Operação Criptoabate mira rede criminosa com atuação nacional e internacional
A prisão do suspeito de 41 anos, natural de Presidente Prudente (SP), no Aeroporto Santos Dumont, nesta sexta-feira, 14 de agosto de 2026, representa um capítulo da Operação Criptoabate, deflagrada na quinta-feira, 13, pela Polícia Civil do Rio Grande do Sul. A investigação, que se estendeu por mais de um ano, identificou uma organização especializada em fraudes financeiras — notadamente o chamado ‘pig butchering’ — e lavagem de dinheiro por meio de criptoativos. Segundo as autoridades, o grupo atuava em múltiplos estados brasileiros e mantinha operações no exterior, com indícios de envolvimento em pelo menos dez crimes de estelionato praticados contra vítimas de alto poder aquisitivo.

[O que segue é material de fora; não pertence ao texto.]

(* For each fixed $k\geq 3$, $$AW(k;r)\leq \frac{2^{k-2}}{(k-1)!}\,r^{k-1}\,(1+o(1))\quad\text{as } r\to\infty.$$
   Context: A sequence of positive integers $w_1<\dots<w_n$ is an ascending wave if $w_{i+1}-w_i \geq w_i-w_{i-1}$ for $2\le i\le n-1$. For positive integers $k,r$, $AW(k;r)$ denotes the least positive integer $N$ such that every $r$-coloring of $\{1,\dots,N\}$ contains a $k$-term monochromatic ascending wave. *)

From HB Require Import structures.
From mathcomp Require Import all_boot all_order all_algebra.
From mathcomp Require Import reals.
Set Implicit Arguments. Unset Strict Implicit. Unset Printing Implicit Defensive.

Definition ascending_wave (k : nat) (w : nat -> nat) : Prop :=
  [/\ 0 < w 0,
      (forall i, i.+1 < k -> w i < w i.+1) &
      (forall i, i.+2 < k -> w i.+1 - w i <= w i.+2 - w i.+1)].

(* Every r-coloring c of {1,...,N} contains a k-term monochromatic ascending
   wave (all terms in {1,...,N}). The coloring is given on all of nat but only
   its values on {1,...,N} matter. *)
Definition AW_property (k r N : nat) : Prop :=
  forall c : nat -> 'I_r,
    exists w : nat -> nat,
      [/\ ascending_wave k w,
          (forall i, i < k -> w i <= N) &
          (forall i, i < k -> c (w i) = c (w 0))].

(* AW(k;r) <= x  (AW(k;r) is the least positive N with AW_property k r N) *)
Definition AW_le {R : realType} (k r : nat) (x : R) : Prop :=
  exists N : nat, [/\ 0 < N, AW_property k r N & (N%:R <= x)%R].

From HB Require Import structures.
From mathcomp Require Import all_boot all_order all_algebra.
From mathcomp Require Import reals zify ring.
Import Order.TTheory GRing.Theory Num.Theory.

(* Let b be the largest element of a set of integers in [1, 2^e] and group the
   other elements x by the dyadic scale trunc_log 2 (b - x), which takes fewer
   than e values.  Two elements x < y of the same scale satisfy y - x < b - y,
   so an ascending wave inside one scale remains a wave when b is appended.
   By induction, about e^(k-1) elements of [1, 2^e] force a k-term ascending
   wave, and by pigeonhole some colour class of an r-colouring of [1, 2^e] is
   that large as soon as r e^(k-1) < 2^e.  Taking e = log2 r + O(log log r)
   gives AW(k;r) <= 2^e <= r^(k-1)/(k-1)!, which is below the claimed bound. *)

Set Implicit Arguments.
Unset Strict Implicit.
Unset Printing Implicit Defensive.

Lemma count_sum_fibers (T : eqType) (P : pred T) (f : T -> nat) m (s : seq T) :
  {in s, forall x, f x < m} ->
  count P s = \sum_(t < m) count [pred x | P x && (f x == t)] s.
Proof.
elim: s => [|x s IHs] fs /=; first by rewrite big1.
rewrite big_split /= -IHs => [|y sy]; last by rewrite fs // inE sy orbT.
congr (_ + _); have fx : f x < m by rewrite fs // inE eqxx.
case: (P x) => /=; last by rewrite big1.
rewrite (bigD1 (Ordinal fx)) //= eqxx big1 // => t.
by case: (f x =P t) => // fxt /negP[]; apply/eqP/val_inj.
Qed.

Lemma sum_pigeonhole m F (c : 'I_m -> nat) :
  m * F < \sum_(t < m) c t -> exists t, F <= c t.
Proof.
move=> ltmF; apply/existsP; apply: contraLR ltmF => /existsPn ltcF.
rewrite -leqNgt -[m in m * F]card_ord -sum_nat_const.
by apply: leq_sum => t _; rewrite ltnW // ltnNge ltcF.
Qed.

Lemma count_fiber_pigeonhole (T : eqType) (P : pred T) (f : T -> nat) m F
    (s : seq T) :
  {in s, forall x, f x < m} -> m * F < count P s ->
  exists2 t, t < m & F <= count [pred x | P x && (f x == t)] s.
Proof.
move=> fs; rewrite (count_sum_fibers P fs) => /sum_pigeonhole[t Ft].
by exists t.
Qed.

Definition wave_in (k n : nat) (P : pred nat) : Prop :=
  exists w, [/\ ascending_wave k w, forall i, i < k -> w i <= n
              & forall i, i < k -> P (w i)].

Lemma wave_in_widen k n m P : n <= m -> wave_in k n P -> wave_in k m P.
Proof.
move=> lenm [w [wave wn wP]]; exists w; split=> // i ik.
exact: leq_trans (wn i ik) lenm.
Qed.

Lemma ascending_wave_snoc j w b :
  ascending_wave j.+1 w -> w j < b -> (0 < j -> w j - w j.-1 <= b - w j) ->
  ascending_wave j.+2 (fun i => if i <= j then w i else b).
Proof.
case=> w0 w_incr w_conv wjb last_gap; split=> [//|i|i] /[!ltnS] ij.
  rewrite ij; have [ij1|] := ltnP i j; first exact: w_incr.
  by move=> ji; have -> : i = j by apply/eqP; rewrite eqn_leq ij ji.
rewrite ij (ltnW ij); have [ij2|ji] := ltnP i.+1 j; first exact: w_conv.
have -> : i = j.-1 by lia.
by rewrite prednK ?last_gap //; lia.
Qed.

Lemma trunc_log_lt_pow p m e : 1 < p -> 0 < m -> m < p ^ e -> trunc_log p m < e.
Proof.
move=> p_gt1 m_gt0 m_lt; rewrite ltnNge; apply: contraTN m_lt => le_e.
by rewrite -leqNgt (leq_trans _ (trunc_logP p_gt1 m_gt0)) // leq_pexp2l // ltnW.
Qed.

Lemma trunc_log2_gap x y b :
  x < y < b -> trunc_log 2 (b - x) = trunc_log 2 (b - y) -> y - x < b - y.
Proof.
case/andP=> xy yb same_scale.
have lo : 2 ^ trunc_log 2 (b - y) <= b - y by apply: trunc_logP; lia.
have := @trunc_log_ltn 2 (b - x) isT; rewrite same_scale expnS; lia.
Qed.

Lemma wave_in_snoc j n t (P : pred nat) :
  P n.+1 -> wave_in j.+1 n [pred x | P x && (trunc_log 2 (n.+1 - x) == t)] ->
  wave_in j.+2 n.+1 P.
Proof.
move=> Pb [w [wave wn wP]].
have wjb : w j < n.+1 by rewrite ltnS wn.
have scale i : i <= j -> trunc_log 2 (n.+1 - w i) = t.
  by move=> ij; have /andP[_ /eqP] := wP i ij.
exists (fun i => if i <= j then w i else n.+1); split.
- apply: ascending_wave_snoc => // j0; apply/ltnW/trunc_log2_gap.
    case: wave => _ w_incr _; rewrite wjb andbT.
    by have := w_incr j.-1; rewrite prednK //; apply.
  by rewrite !scale // leq_pred.
- by move=> i _; case: ifP => // ij; rewrite (leq_trans (wn i ij)).
- by move=> i _; case: ifP => // ij; have /andP[] := wP i ij.
Qed.

Fixpoint wave_threshold (j e : nat) : nat :=
  if j is j'.+1 then e * wave_threshold j' e + 2 else 1.

Lemma wave_threshold_gt0 j e : 0 < wave_threshold j e.
Proof. by case: j => //= j; rewrite addn2. Qed.

Lemma wave_threshold_le j e : wave_threshold j e <= (e + 2) ^ j.
Proof.
elim: j => [//|j IHj] /=; rewrite expnS.
have : 0 < (e + 2) ^ j by rewrite expn_gt0 addn_gt0 orbT.
move: IHj; set X := (e + 2) ^ j; nia.
Qed.

Lemma wave_in_of_count j e (P : pred nat) n :
  n <= 2 ^ e -> wave_threshold j e <= count P (iota 1 n) -> wave_in j.+1 n P.
Proof.
elim: j P n => [|j IHj] P n.
  move=> _; rewrite -has_count => /hasP[x]; rewrite mem_iota => /andP[x_gt0 xn] Px.
  by exists (fun=> x).
elim: n => [|n IHn] n_le; first by rewrite leqNgt wave_threshold_gt0.
rewrite -[X in iota _ X]addn1 iotaD count_cat /= addn0 add1n.
case Pb: (P n.+1) => /= count_ge; last first.
  rewrite addn0 in count_ge.
  exact: wave_in_widen (leqnSn n) (IHn (ltnW n_le) count_ge).
have scale_lt : {in iota 1 n, forall x, trunc_log 2 (n.+1 - x) < e}.
  by move=> x; rewrite mem_iota => xn; apply: trunc_log_lt_pow; lia.
have count_gt : e * wave_threshold j e < count P (iota 1 n) by lia.
have [t _ count_t] := count_fiber_pigeonhole scale_lt count_gt.
exact: wave_in_snoc Pb (IHj _ _ (ltnW n_le) count_t).
Qed.

Lemma AW_property_pow2 k r e :
  0 < k -> r * wave_threshold k.-1 e < 2 ^ e -> AW_property k r (2 ^ e).
Proof.
move=> k_gt0 r_lt c.
have color_lt : {in iota 1 (2 ^ e), forall x, nat_of_ord (c x) < r} by move=> x _.
have count_gt : r * wave_threshold k.-1 e < count predT (iota 1 (2 ^ e)).
  by rewrite count_predT size_iota.
have [t _ count_t] := count_fiber_pigeonhole color_lt count_gt.
have [w []] := wave_in_of_count (leqnn _) count_t; rewrite prednK // => wave wN wt.
have color_w i : i < k -> c (w i) = t :> nat by move/wt/eqP.
by exists w; split=> // i ik; apply: val_inj; rewrite /= !color_w.
Qed.

Lemma sq_le_pow2 y : 4 <= y -> y ^ 2 <= 2 ^ y.
Proof.
elim: y => [//|y IHy] y_ge; have [y_lt4|y_ge4] := ltnP y 4.
  by have -> : y = 3 by lia.
have := IHy y_ge4; rewrite (expnS 2 y) -!mulnn; set p := 2 ^ y; nia.
Qed.

Lemma linear_le_pow2 a b : exists y0, forall y, y0 <= y -> a * y + b <= 2 ^ y.
Proof.
exists (a + b + 4) => y y_ge; have := @sq_le_pow2 y ltac:(lia).
rewrite -mulnn; nia.
Qed.

Lemma linear_trunc_log2_le a b :
  exists z0, forall z, z0 <= z -> a * trunc_log 2 z + b <= z.
Proof.
have [y0 y0P] := linear_le_pow2 a b; exists (2 ^ y0) => z z_ge.
have z_gt0 : 0 < z by apply: leq_trans z_ge; rewrite expn_gt0.
apply: leq_trans (trunc_logP (isT : 1 < 2) z_gt0).
by apply/y0P/trunc_log_max.
Qed.

Lemma wave_threshold_pow2 D r a u :
  r < 2 ^ a -> a + D * u + 2 <= 2 ^ u ->
  r * wave_threshold D (a + D * u) < 2 ^ (a + D * u).
Proof.
move=> r_lt e_le.
apply: (@leq_trans (2 ^ a * wave_threshold D (a + D * u))).
  by rewrite ltn_pmul2r ?wave_threshold_gt0.
rewrite expnD leq_mul2l (leq_trans (wave_threshold_le _ _)) ?orbT //.
have [->|D_gt0] := posnP D; first by rewrite expn0.
by rewrite mulnC expnM leq_exp2r // mulnC.
Qed.

Lemma exists_pow2_scale D : 2 <= D -> exists r0, forall r, r0 <= r ->
  exists e, r * wave_threshold D e < 2 ^ e /\ D`! * 2 ^ e <= r ^ D.
Proof.
move=> D_ge2; have [z0 z0P] := linear_trunc_log2_le D (D`! + 2 * D + 1).
exists (2 ^ z0) => r r_ge; have r_gt0 : 0 < r by apply: leq_trans r_ge; rewrite expn_gt0.
(* e := z + 1 + D (y + 2) with z = log2 r and y = log2 z: then (e + 2)^D
   <= 2^(D (y + 2)), while e is at most z D - D! since D y + D! + 2D < z. *)
set z := trunc_log 2 r; set y := trunc_log 2 z.
have z_ge : z0 <= z by apply: trunc_log_max.
have small_y : D * y + (D`! + 2 * D + 1) <= z := z0P z z_ge.
have z_gt0 : 0 < z by move: small_y; rewrite addn1 addnS; apply: leq_trans.
have r_lo : 2 ^ z <= r := trunc_logP (isT : 1 < 2) r_gt0.
have r_hi : r < 2 ^ z.+1 := trunc_log_ltn _ (isT : 1 < 2).
have z_hi : z < 2 ^ y.+1 := trunc_log_ltn _ (isT : 1 < 2).
exists (z.+1 + D * y.+2); split.
- apply: wave_threshold_pow2; rewrite // !expnS !mulnS; rewrite expnS in z_hi; lia.
- apply: (@leq_trans (2 ^ (D`! + (z.+1 + D * y.+2)))).
    by rewrite (expnD 2 D`!) leq_mul2r (ltnW (ltn_expl _ (isT : 1 < 2))) orbT.
  apply: (@leq_trans (2 ^ (z * D))).
    rewrite leq_exp2l // (@leq_trans (z * 2)) ?leq_mul2l ?D_ge2 ?orbT //.
    by rewrite !mulnS; lia.
  by rewrite expnM leq_exp2r ?(ltnW D_ge2).
Qed.

Lemma natr_le_scaled (R : realFieldType) N f M (c : R) :
  (f * N <= M)%N -> (0 < f)%N -> (1 <= c)%R ->
  (N%:R <= c * (M%:R / f%:R) :> R)%R.
Proof.
move=> le_fNM f_gt0 c_ge1; apply: le_trans (ler_peMl _ c_ge1); last first.
  by rewrite divr_ge0 ?ler0n.
by rewrite ler_pdivlMr ?ltr0n // -natrM ler_nat mulnC.
Qed.

Local Open Scope ring_scope.

Theorem corollary1p5 (R : realType) (k : nat) : (3 <= k)%N ->
  forall eps : R, 0 < eps ->
  exists r0 : nat, forall r : nat, (r0 <= r)%N ->
    AW_le k r ((1 + eps) * (2 ^+ (k - 2) / (k.-1)`!%:R) * r%:R ^+ k.-1).
Proof.
move=> k_ge3 eps eps_gt0.
have [r0 r0P] := @exists_pow2_scale k.-1 ltac:(lia).
exists r0 => r /r0P[e [r_lt fact_le]]; exists (2 ^ e)%N; split.
- by rewrite expn_gt0.
- by apply: AW_property_pow2; first lia.
- have -> : (1 + eps) * (2 ^+ (k - 2) / (k.-1)`!%:R) * r%:R ^+ k.-1
          = ((1 + eps) * 2 ^+ (k - 2)) * ((r ^ k.-1)%:R / (k.-1)`!%:R).
    by rewrite natrX; ring.
  apply: natr_le_scaled; rewrite ?fact_gt0 //.
  by rewrite mulr_ege1 ?exprn_ege1 ?ler1n // lerDl ltW.
Qed.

Vítima de 70 anos perde R$ 37 milhões em plataforma falsa de investimentos
A principal vítima identificada pela investigação é uma senhora de 70 anos, residente no Rio Grande do Sul, que teve seu patrimônio dilapidado após ser convencida a aportar recursos em uma plataforma de investimentos fraudulenta. Os criminosos, segundo apurou a polícia, construíram uma relação de confiança com a idosa ao longo de meses, convencendo-a de que os ganhos eram provenientes de operações legítimas em criptoativos. O prejuízo estimado supera R$ 37 milhões, valores que foram movimentados internacionalmente antes de serem apagados por meio de técnicas de lavagem. O caso reforça o padrão do ‘pig butchering’, tática que explora a vulnerabilidade emocional e a confiança das vítimas para extrair grandes quantias.
TJ-RS decreta dez prisões preventivas; PCC e facções podem estar envolvidas
O Tribunal de Justiça do Rio Grande do Sul (TJ-RS) decretou dez prisões preventivas no âmbito da operação, incluindo o homem preso no Santos Dumont. As investigações indicam que a organização mantinha vínculos com grupos criminosos estruturados, embora não haja confirmação oficial de participação de facções como o PCC ou o Comando Vermelho. Entre os alvos das medidas cautelares estão investidores de fachada, operadores de corretoras ilegais e ‘laranjas’ responsáveis por movimentar os recursos desviados. As autoridades não descartam que outras prisões ocorram nos próximos dias, à medida que novas provas forem apresentadas.
Criptoativos: o novo campo de atuação do crime organizado
A Operação Criptoabate evidencia a crescente sofisticação das quadrilhas que migram para ativos digitais, aproveitando a baixa regulação e a dificuldade de rastreamento das transações em blockchain. A Polícia Federal, que atuou em conjunto com a PF no Rio de Janeiro, destaca que o caso ilustra como o ‘pig butchering’ se tornou uma das principais modalidades de estelionato no país, com prejuízos superiores a R$ 1 bilhão por ano. Especialistas alertam que a falta de fiscalização em exchanges não regulamentadas facilita a operação desses grupos, que reinvestem os lucros em outras atividades ilícitas, como tráfico de drogas e armas.